Items from a dataset
Lemma poisson_sum_deriv_by_parts b x : 0 < b ->
  Rabs (poisson_sum_deriv f L n b x -
        sum_lt n (fun j => (f (node L n (S j)) - f (node L n j)) / PI
                           * poisson b (x - (node L n j + h / 2))))
  <= (2 * L + h) * M * (3 * h / b^3).
Proof.
  intros hb. pose proof PI_RGT_0. pose proof mesh_pos.
  set (q j := poisson b (x - node L n j + h / 2)).
  assert (by_parts : sum_lt (S n) (fun j => f (node L n j) / PI * (q j - q (S j))) =
    sum_lt n (fun j => (f (node L n (S j)) - f (node L n j)) / PI
                       * poisson b (x - (node L n j + h / 2)))).
  { rewrite (sum_lt_by_parts n (fun j => f (node L n j) / PI) q), node_0, node_n.
    rewrite !f_supp by (rewrite ?Rabs_Ropp, Rabs_right; lra).
    replace (0 / PI * q 0%nat - 0 / PI * q (S n)) with 0 by (field; lra).
    rewrite Rplus_0_l. apply sum_lt_ext. intros j _. unfold q. rewrite node_S.
    f_equal; [field; lra|f_equal; field]. }
  rewrite <- by_parts. unfold poisson_sum_deriv. rewrite sum_lt_sub.
  replace ((2 * L + h) * M * (3 * h / b^3)) with (INR (S n) * (M * (6 / b^3 * h^2 / 2)))
    by (rewrite S_INR, <- INR_mul_mesh; field; lra).
  apply Rabs_sum_lt_le_const. intros j _.
  set (y := x - node L n j).
  assert (Hq : q j - q (S j) = poisson b (y + h / 2) - poisson b (y - h / 2)).
  { unfold q, y. rewrite node_S. f_equal; f_equal; field. }
  rewrite Hq. unfold riemann_coef.
  replace (h * f (node L n j) / PI * dpoisson b y
           - f (node L n j) / PI * (poisson b (y + h / 2) - poisson b (y - h / 2)))
    with (- (f (node L n j) / PI)
          * (poisson b (y + h / 2) - poisson b (y - h / 2) - h * dpoisson b y))
    by (field; lra).
  rewrite Rabs_mult, Rabs_Ropp. apply Rmult_le_compat; try apply Rabs_pos.
  - apply Rabs_div_PI_le, f_bound.
  - apply (midpoint_rule (poisson b) (dpoisson b) (d2poisson b)); auto.
    + intros; apply derivable_pt_lim_poisson; auto.
    + intros; apply derivable_pt_lim_dpoisson; auto.
    + intros; apply d2poisson_le; auto.
Qed.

## WHAT IS EXPECTED
Reproduce exactly the lines that run from the start of the records to the line with "rewrite Rplus_0_l. apply", both included.

## WRITTEN RESPONSE
Lemma poisson_sum_deriv_by_parts b x : 0 < b ->
  Rabs (poisson_sum_deriv f L n b x -
        sum_lt n (fun j => (f (node L n (S j)) - f (node L n j)) / PI
                           * poisson b (x - (node L n j + h / 2))))
  <= (2 * L + h) * M * (3 * h / b^3).
Proof.
  intros hb. pose proof PI_RGT_0. pose proof mesh_pos.
  set (q j := poisson b (x - node L n j + h / 2)).
  assert (by_parts : sum_lt (S n) (fun j => f (node L n j) / PI * (q j - q (S j))) =
    sum_lt n (fun j => (f (node L n (S j)) - f (node L n j)) / PI
                       * poisson b (x - (node L n j + h / 2)))).
  { rewrite (sum_lt_by_parts n (fun j => f (node L n j) / PI) q), node_0, node_n.
    rewrite !f_supp by (rewrite ?Rabs_Ropp, Rabs_right; lra).
    replace (0 / PI * q 0%nat - 0 / PI * q (S n)) with 0 by (field; lra).
    rewrite Rplus_0_l. apply sum_lt_ext. intros j _. unfold q. rewrite node_S.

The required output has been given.